And you think you have problems
A report from Stratfor on Pakistan’s Red Mosque, and other issues:
Since February, radical clerics and their followers at a mosque/seminary facility in the Pakistani capital of Islamabad have been challenging the government’s authority by trying to impose their version of “Islamic” law in parts of the capital through kidnappings, illegal occupations of buildings and attempts to forcibly prevent “un-Islamic” behavior. Moreover, these armed mullahs have established a self-styled Islamic court and have said that if the Pakistani government does not enforce Islamic law, the mullahs will do it themselves. The extremist clerics have also reportedly threatened suicide attacks in response to a government crackdown.

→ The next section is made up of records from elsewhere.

(* With D = P - Q, PD + DQ = P^2 - Q^2 = 0, so tr(D P D) + tr(D Q D) = 0 and
   both nonnegative traces vanish. *)
Lemma psd_sqrt_uniq n (P Q : 'M[R]_n) : psd P -> psd Q -> P *m P = Q *m Q -> P = Q.
Proof.
move=> pP pQ PQ; set D := P - Q.
have symD : D^T = D by rewrite /D linearB /= pP.1 pQ.1.
have E : P *m D + D *m Q = 0 by rewrite /D mulmxBr mulmxBl PQ addrA subrK subrr.
have trE : \tr (D^T *m P *m D) + \tr (D^T *m Q *m D) = 0.
  rewrite symD -[D *m P *m D]mulmxA (mxtrace_mulC (D *m Q) D).
  by rewrite -mxtraceD -mulmxDr E mulmx0 mxtrace0.
have [ge1 eq1] := psd_mxtrace_quad D pP; have [ge2 eq2] := psd_mxtrace_quad D pQ.
have DD : D^T *m D = 0.
  by rewrite symD {1}/D mulmxBl eq1 ?eq2 ?subrr //; lra.
apply/eqP; rewrite -subr_eq0 -/D; apply/eqP/mxdot_eq0.
by rewrite /mxdot DD mxtrace0.
Qed.

Lemma psd_sqrt_exists m n (L : 'M[R]_(m, n)) :
  exists P, psd P /\ P *m P = L^T *m L.
Proof.
have symA : (L^T *m L)^T = L^T *m L by rewrite trmx_mul trmxK.
have [O [d [OO O'O Ae]]] := symmetric_spectral symA.
have d_ge0 i : 0 <= d 0 i.
  have : (L *m O^T)^T *m (L *m O^T) = diag_mx d.
    by rewrite trmx_mul trmxK !mulmxA -(mulmxA O) Ae !mulmxA OO mul1mx -mulmxA OO mulmx1.
  move=> /matrixP /(_ i i); rewrite [RHS]mxE eqxx mulr1n => <-.
  by rewrite mxE; apply: sumr_ge0 => k _; rewrite mxE -expr2 sqr_ge0.
pose s := \row_j Num.sqrt (d 0 j).
exists (O^T *m diag_mx s *m O); split; [split|].
- by rewrite !trmx_mul trmxK tr_diag_mx mulmxA.
- move=> x; rewrite quad_form_diag; apply: sumr_ge0 => i _.
  by rewrite mulr_ge0 ?sqr_ge0 // mxE sqrtr_ge0.
- rewrite Ae !mulmxA -[O^T *m diag_mx s *m O *m O^T]mulmxA OO mulmx1.
  rewrite -[O^T *m diag_mx s *m diag_mx s]mulmxA mulmx_diag.
  do 2 congr (_ *m _); congr diag_mx; apply/rowP => j.
  by rewrite !mxE -expr2 sqr_sqrtr.
Qed.

Lemma sqrtmP m n (L : 'M[R]_(m, n)) :
  psd (sqrtm (L^T *m L)) /\ sqrtm (L^T *m L) *m sqrtm (L^T *m L) = L^T *m L.
Proof. exact: (xgetPex 0 (psd_sqrt_exists L)). Qed.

The standoff between authorities and the hard-line mullahs from the Red Mosque continued April 11. Despite a second meeting with ruling Pakistan Muslim League (PML) party chief Chaudhry Shujaat Hussain, the two top clerics at the mosque/madrassa complex — Maulana Abdul Aziz and Ghazi Abdul Rasheed — are in no mood to negotiate an end to the standoff at the mosque and its affiliated madrassa, Jamia Hafsa. Meanwhile, senior Cabinet members are at odds over how to resolve the matter; some advocate an ironhanded policy, while others urge caution.
Meanwhile, in northwestern Pakistan, fighting between Pashtun tribesmen and transnational jihadist elements is continuing in the South Waziristan agency of the Federally Administered Tribal Areas (FATA). A PML parliament member appealed to Pakistani President Gen. Pervez Musharraf to deploy the army to quell raging Sunni-Shiite clashes in FATA’s Kurram agency. In Karachi, a new kind of sectarian violence has emerged; a Barelvi religious group (the main school of thought in Pakistan that adheres to Sunni Islam’s Sufi leanings) used high-powered assault rifles to attack Wahhabi mosques April 10 in retaliation for a jihadist suicide attack that killed top leaders of the Sunni Tehreek.
Pakistani President Gen. Pervez Musharraf did the opposite of Ataturk, who set up the scheme of two secular parties to be in-power and loyal opposition. Musharraf’s reliance on religious parties may now be catching up with him. We shall see.